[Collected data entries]
Lemma vbasis_dual_bases U : nondegenerate U -> exists s, dual_bases U s /\
  forall f, (forall w, w \in U -> f w \in U) ->
    trace_on U f = \sum_(p <- s) B (f p.1) p.2.
Proof.
move=> ndU; pose n := \dim U; pose X := vbasis U.
have /fin_all_exists[d Hd] (i : 'I_n) :
    exists d, d \in U /\ forall w, w \in U -> B d w = coord X i w.
  have [d dU Hd] := riesz_representation ndU (linearP (coord X i)).
  by exists d.
exists [seq (X`_i, d i) | i : 'I_n <- index_enum 'I_n]; split; first split.
- by move=> p /mapP[i _ ->]; split; [exact: vbasis_nth_mem | exact: (Hd i).1].
- move=> y yU; rewrite big_map [LHS](coord_vbasis yU).
  by apply: eq_bigr => i _ /=; rewrite Bsym (Hd i).2.
- move=> y yU; rewrite big_map; apply: (nondegenerate_eq ndU yU).
    by apply: rpred_sum => i _; rewrite rpredZ ?(Hd i).1.
  move=> w wU; rewrite Bsuml {1}(coord_vbasis wU) Bsumr.
  by apply: eq_bigr => i _ /=; rewrite BZr BZl (Hd i).2 // mulrC.
- move=> f fU; rewrite big_map /trace_on; apply: eq_bigr => i _ /=.
  by rewrite (tnth_nth 0) -(Hd i).2 ?fU ?vbasis_nth_mem // Bsym.
Qed.

Lemma trace_on_dual_bases U s f : nondegenerate U -> dual_bases U s ->
  (forall w, w \in U -> f w \in U) -> linear f ->
  trace_on U f = \sum_(p <- s) B (f p.1) p.2.
Proof.
move=> ndU ds fU hf; have [s0 [ds0 ->]] := vbasis_dual_bases ndU; last exact: fU.
apply: (dual_bases_sum_eq (Q := fun x y => B (f x) y) ds0 ds).
by split=> [y a u v | x]; rewrite ?linD ?linZ ?BDl ?BZl //; apply: B_scalarr.
Qed.

Lemma dual_bases_cat (U U1 U2 : {vspace V}) s1 s2 :
  (forall x y, x \in U1 -> y \in U2 -> B x y = 0) ->
  (U1 <= U)%VS -> (U2 <= U)%VS ->
  (forall y, y \in U -> exists2 y1, y1 \in U1 & y - y1 \in U2) ->
  dual_bases U1 s1 -> dual_bases U2 s2 -> dual_bases U (s1 ++ s2).
Proof.
move=> orth sU1 sU2 dec [d1U d11 d12] [d2U d21 d22].
have orth' x y : x \in U2 -> y \in U1 -> B x y = 0 by move=> *; rewrite Bsym orth.
have {}dec y : y \in U -> exists y1 y2, [/\ y1 \in U1, y2 \in U2 & y = y1 + y2].
  by case/dec=> y1 y1U y2U; exists y1, (y - y1); rewrite addrCA subrr addr0.
split=> [p | y /dec[y1 [y2 [y1U y2U ->]]] | y /dec[y1 [y2 [y1U y2U ->]]]];
  rewrite ?big_cat /=.
- rewrite mem_cat => /orP[/d1U[? ?] | /d2U[? ?]].
    by split; apply: (subvP sU1).
  by split; apply: (subvP sU2).
- congr (_ + _); [rewrite {1}(d11 _ y1U) | rewrite {1}(d21 _ y2U)].
    by apply: eq_big_seq => p /d1U[_ p2]; rewrite BDl (orth' _ _ y2U p2) addr0.
  by apply: eq_big_seq => p /d2U[_ p2]; rewrite BDl (orth _ _ y1U p2) add0r.
- congr (_ + _); [rewrite {1}(d12 _ y1U) | rewrite {1}(d22 _ y2U)].
    by apply: eq_big_seq => p /d1U[p1 _]; rewrite BDl (orth' _ _ y2U p1) addr0.
  by apply: eq_big_seq => p /d2U[p1 _]; rewrite BDl (orth _ _ y1U p1) add0r.
Qed.

Lemma dual_bases_sum_commute U s f h : dual_bases U s ->
  (forall w, w \in U -> f w \in U) -> linear f ->
  (forall w, w \in U -> h w \in U) -> linear h ->
  \sum_(p <- s) B (f (h p.1)) p.2 = \sum_(p <- s) B (h (f p.1)) p.2.
Proof.
move=> [sU s1 _] fU hf hU hh.
have s1U p : p \in s -> p.1 \in U by case/sU.
transitivity (\sum_(p <- s) \sum_(q <- s) B (h p.1) q.2 * B (f q.1) p.2).
  apply: eq_big_seq => p /s1U p1U.
  by rewrite {1}(s1 (h p.1)) ?hU // (linear_lincomb hf) Bsuml; apply: eq_bigr => q _; rewrite BZl.
rewrite exchange_big /=; apply: eq_big_seq => q /s1U q1U.
rewrite [in RHS](s1 (f q.1)) ?fU // (linear_lincomb hh) Bsuml.
by apply: eq_bigr => p _; rewrite BZl mulrC.
Qed.

Lemma trace_on_nilpotent (U : {vspace V}) f k :
  (forall w, w \in U -> f w \in U) -> linear f ->
  (forall w, w \in U -> iter k f w = 0) -> trace_on U f = 0.
Proof.
move=> fU hf fk; pose n := \dim U; pose X := vbasis U.
have iterU j w : w \in U -> iter j f w \in U by move=> wU; elim: j => //= j; apply: fU.
pose M := \matrix_(i < n, j < n) coord X j (f X`_i).
have MX j i l : (M ^+ j) i l = coord X l (iter j f X`_i).
  elim: j i l => [|j IH] i l.
    by rewrite expr0 mxE /= coord_free //; exact: basis_free (vbasisP U).
  rewrite exprSr -mulmxE mxE /= [in RHS](coord_vbasis (iterU j _ (vbasis_nth_mem U i))).
  rewrite (linear_lincomb hf) linear_sum; apply: eq_bigr => m _.
  by rewrite IH mxE linearZ.
have Mk : M ^+ k = 0 by apply/matrixP => i l; rewrite MX fk ?vbasis_nth_mem // linear0 mxE.
rewrite -(mxtrace_nilpotent Mk) /trace_on /mxtrace.
by apply: eq_bigr => i _; rewrite mxE (tnth_nth 0).
Qed.

Section LeviCivita.
Variables (U : {vspace V}) (b : V -> V -> V).
Hypotheses (ndU : nondegenerate U) (b_linl : forall v, linear (b ^~ v)).

Lemma LC_spec u v : LC U b B u v \in U /\
  forall w, w \in U -> 2 * B (LC U b B u v) w = B (b u v) w + B (b w u) v + B (b w v) u.
Proof.
rewrite /LC; match goal with |- context[epsilon ?i ?P] => apply: (epsilon_spec i P) end.
pose phi w := 2^-1 * (B (b u v) w + B (b w u) v + B (b w v) u).
have lphi : scalar phi by move=> a x y; rewrite /phi !b_linl !BDr !BZr !BDl !BZl; ring.
have [l lU Hl] := riesz_representation ndU lphi.
by exists l; split=> // w wU; rewrite Hl // /phi mulrA divff ?mul1r ?pnatr_eq0.
Qed.

Lemma LC_mem u v : LC U b B u v \in U.
Proof. exact: (LC_spec u v).1. Qed.

Lemma LC_unique u v l : l \in U ->
  (forall w, w \in U -> 2 * B l w = B (b u v) w + B (b w u) v + B (b w v) u) ->
  LC U b B u v = l.
Proof.
move=> lU Hl; have [LU HL] := LC_spec u v.
apply: (nondegenerate_eq ndU LU lU) => w wU.
by apply: (mulfI (_ : 2 != 0 :> R)); rewrite ?pnatr_eq0 // HL // Hl.
Qed.

Hypothesis b_linr : forall u, linear (b u).

Lemma LC_linearl v : linear (LC U b B ^~ v).
Proof.
move=> a u1 u2; apply: LC_unique => [|w wU]; first by rewrite rpredD ?rpredZ ?LC_mem.
rewrite BDl BZl mulrDr mulrCA !(LC_spec _ _).2 // b_linl b_linr.
by rewrite !BDl !BDr !BZl !BZr; ring.
Qed.

Lemma LC_linearr u : linear (LC U b B u).
Proof.
move=> a v1 v2; apply: LC_unique => [|w wU]; first by rewrite rpredD ?rpredZ ?LC_mem.
rewrite BDl BZl mulrDr mulrCA !(LC_spec _ _).2 // b_linr b_linr.
by rewrite !BDl !BDr !BZl !BZr; ring.
Qed.

Lemma curv_mem u w v : curv U b B u w v \in U.
Proof. by rewrite /curv !rpredB ?LC_mem. Qed.

Lemma curv_linear u v : linear (fun w => curv U b B u w v).
Proof.
move=> a x y; rewrite /curv b_linr !LC_linearl LC_linearr.
apply: (nondegenerate_eq ndU) => [||t tU]; rewrite ?(rpredB, rpredD, rpredZ, LC_mem) //.
by rewrite !(BDl, BBl, BNl, BZl); ring.
Qed.

End LeviCivita.

Lemma adjB_spec U f y : nondegenerate U -> linear f -> adjB U B f y \in U /\
  forall v, v \in U -> B (adjB U B f y) v = B (f v) y.
Proof.
move=> ndU hf; rewrite /adjB.
match goal with |- context[epsilon ?i ?P] => apply: (epsilon_spec i P) end.
have lphi : scalar (fun v => B (f v) y) by move=> a u v; rewrite hf BDl BZl.
by have [l lU Hl] := riesz_representation ndU lphi; exists l.
Qed.

Lemma adjB_unique U f y l : nondegenerate U -> linear f -> l \in U ->
  (forall v, v \in U -> B l v = B (f v) y) -> adjB U B f y = l.
Proof.
move=> ndU hf lU Hl; have [AU HA] := adjB_spec y ndU hf.
by apply: (nondegenerate_eq ndU AU lU) => w wU; rewrite HA // Hl.
Qed.

Lemma lorentzian_nondegenerate : lorentzian B -> nondegenerate fullv.
Proof.
move=> [e [eb He]] x _ Hx; pose X := in_tuple e.
have xe := coord_basis (X := X) eb (memvf x).
rewrite xe big1 // => j _; apply/eqP; rewrite scaler_eq0; apply/orP; left.
have := Hx e`_j (memvf _); rewrite {1}xe Bsuml (bigD1 j) //= big1 => [|i ij]; last first.
  by rewrite BZl He // (_ : (i == j :> nat) = false) ?mulr0 //; exact: negPf ij.
rewrite BZl He // eqxx addr0; case: (nat_of_ord j == 0)%N.
  by rewrite mulrN1 => /eqP; rewrite oppr_eq0.
by rewrite mulr1 => ->.
Qed.

Lemma posdef_nondegenerate (U : {vspace V}) :
  (forall z, z \in U -> z != 0 -> 0 < B z z) -> nondegenerate U.
Proof.
move=> Hpos x xU Hx; apply/eqP/negPn/negP => nx.
by have := Hpos x xU nx; rewrite Hx // ltxx.
Qed.

Section Decomposition.
Variables (br : V -> V -> V) (Z g : {vspace V}).
Hypotheses (Hbr : is_lie_bracket br) (ndV : nondegenerate fullv) (ndZ : nondegenerate Z).
Hypothesis Zcentral : forall z x, z \in Z -> br z x = 0.
Hypothesis Hg : forall u, u \in g <-> forall z, z \in Z -> B u z = 0.
Hypothesis Hnil : nilpotent br.

Lemma br_linl v : linear (br ^~ v). Proof. by case: Hbr => H _ _ _ a u w; exact: H. Qed.
Lemma br_linr u : linear (br u). Proof. by case: Hbr => _ H _ _ a v w; exact: H. Qed.
Lemma brDl v : {morph br ^~ v : x y / x + y}. Proof. exact: linD (br_linl v). Qed.
Lemma brDr u : {morph br u : x y / x + y}. Proof. exact: linD (br_linr u). Qed.

Lemma br_anti u v : br u v = - br v u.
Proof.
case: Hbr => _ _ br_alt _; have := br_alt (u + v).
by rewrite brDl !brDr !br_alt add0r addr0 => /eqP; rewrite addr_eq0 => /eqP.
Qed.

Lemma br_centralr x z : z \in Z -> br x z = 0.
Proof. by move=> zZ; rewrite br_anti Zcentral ?oppr0. Qed.

Lemma orth_gZ x z : x \in g -> z \in Z -> B x z = 0. Proof. by move=> /Hg H /H. Qed.
Lemma orth_Zg z x : z \in Z -> x \in g -> B z x = 0.
Proof. by move=> zZ xg; rewrite Bsym orth_gZ. Qed.

Lemma capv_gZ : (g :&: Z = 0)%VS.
Proof.
apply/eqP; rewrite -subv0; apply/subvP => x /memv_capP[xg xZ]; rewrite memv0.
by apply/eqP/ndZ => // z zZ; rewrite orth_gZ.
Qed.

Lemma addv_gZ : (g + Z)%VS = fullv.
Proof.
apply/eqP; rewrite eqEsubv subvf /=; apply/subvP => y _.
have [l lZ Hl] := riesz_representation ndZ (B_scalarr y).
rewrite -(subrK l y) memv_add //; apply/Hg => z zZ.
by rewrite BBl Hl // Bsym subrr.
Qed.

Local Notation Pg := (daddv_pi g Z).
Local Notation Pz := (daddv_pi Z g).

Lemma Pg_add_Pz y : Pg y + Pz y = y.
Proof. by apply: daddv_pi_add; rewrite ?capv_gZ ?addv_gZ ?memvf. Qed.
Lemma Pg_id y : y \in g -> Pg y = y.
Proof. by apply: daddv_pi_id; rewrite capv_gZ. Qed.

Lemma nondegenerate_g : nondegenerate g.
Proof.
move=> x xg Hx; apply: ndV => [|w _]; first exact: memvf.
by rewrite -(Pg_add_Pz w) BDr Hx ?memv_pi // orth_gZ ?memv_pi // addr0.
Qed.

Lemma eq_B x y : (forall t, B x t = B y t) -> x = y.
Proof. by move=> H; apply: (nondegenerate_eq ndV); rewrite ?memvf. Qed.

Local Notation bg := (brg br g Z).
Local Notation om := (omega br g Z).
Local Notation Lh := (LC fullv br B).
Local Notation Lg := (LC g bg B).
Local Notation S := (S_op br B g Z).
Local Notation J := (J_op br B g Z).
Local Notation Kh u w v := (curv fullv br B u w v).
Local Notation Kg u w v := (curv g bg B u w v).

Lemma bg_mem u v : bg u v \in g. Proof. exact: memv_pi. Qed.
Lemma om_mem u v : om u v \in Z. Proof. exact: memv_pi. Qed.
Lemma br_split u v : br u v = bg u v + om u v. Proof. by rewrite Pg_add_Pz. Qed.
Lemma bg_linl v : linear (bg ^~ v). Proof. by move=> a x y; rewrite /brg br_linl linearP. Qed.
Lemma bg_linr u : linear (bg u). Proof. by move=> a x y; rewrite /brg br_linr linearP. Qed.
Lemma om_linl v : linear (om ^~ v). Proof. by move=> a x y; rewrite /omega br_linl linearP. Qed.
Lemma om_linr u : linear (om u). Proof. by move=> a x y; rewrite /omega br_linr linearP. Qed.
Lemma bg_anti u v : bg u v = - bg v u. Proof. by rewrite /brg br_anti linearN. Qed.
Lemma om_anti u v : om u v = - om v u. Proof. by rewrite /omega br_anti linearN. Qed.

Lemma Lh_unique u v l :
  (forall w, w \in g -> 2 * B l w = B (br u v) w + B (br w u) v + B (br w v) u) ->
  (forall w, w \in Z -> 2 * B l w = B (br u v) w + B (br w u) v + B (br w v) u) ->
  Lh u v = l.
Proof.
move=> Hlg HlZ; apply: (LC_unique ndV br_linl (memvf l)) => w _.
rewrite -(Pg_add_Pz w) !brDl !BDr !BDl mulrDr Hlg ?HlZ ?memv_pi //; ring.
Qed.

Lemma Lh_linl v : linear (Lh ^~ v). Proof. exact: (LC_linearl ndV br_linl br_linr). Qed.
Lemma Lh_linr u : linear (Lh u). Proof. exact: (LC_linearr ndV br_linl br_linr). Qed.
Lemma Lh_Dl v : {morph Lh ^~ v : x y / x + y}. Proof. exact: linD (Lh_linl v). Qed.
Lemma Lh_Dr u : {morph Lh u : x y / x + y}. Proof. exact: linD (Lh_linr u). Qed.
Lemma Lh_Zr u a : {morph Lh u : x / a *: x}. Proof. exact: linZ (Lh_linr u) a. Qed.
Lemma Lh_Nr u : {morph Lh u : x / - x}. Proof. exact: linN (Lh_linr u). Qed.
Lemma Lh_0l v : Lh 0 v = 0. Proof. exact: lin0 (Lh_linl v). Qed.
Lemma Lh_0r u : Lh u 0 = 0. Proof. exact: lin0 (Lh_linr u). Qed.

Lemma Lg_mem u v : Lg u v \in g. Proof. exact: (LC_mem nondegenerate_g bg_linl). Qed.
Lemma Lg_spec u v w : w \in g ->
  2 * B (Lg u v) w = B (bg u v) w + B (bg w u) v + B (bg w v) u.
Proof. exact: (LC_spec nondegenerate_g bg_linl u v).2. Qed.

Lemma S_mem x u : S x u \in g.
Proof. exact: (adjB_spec x nondegenerate_g (om_linr u)).1. Qed.
Lemma S_spec x u w : w \in g -> B (S x u) w = B (om u w) x.
Proof. exact: (adjB_spec x nondegenerate_g (om_linr u)).2. Qed.
Lemma J_mem u v : J u v \in g.
Proof. exact: (adjB_spec u nondegenerate_g (bg_linr v)).1. Qed.
Lemma J_spec u v w : w \in g -> B (J u v) w = B (bg v w) u.
Proof. exact: (adjB_spec u nondegenerate_g (bg_linr v)).2. Qed.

TO DO.
Find the number of lines in the records that include the word "brDr". Write only that number.

ANSWER FOR THIS EXERCISE.
2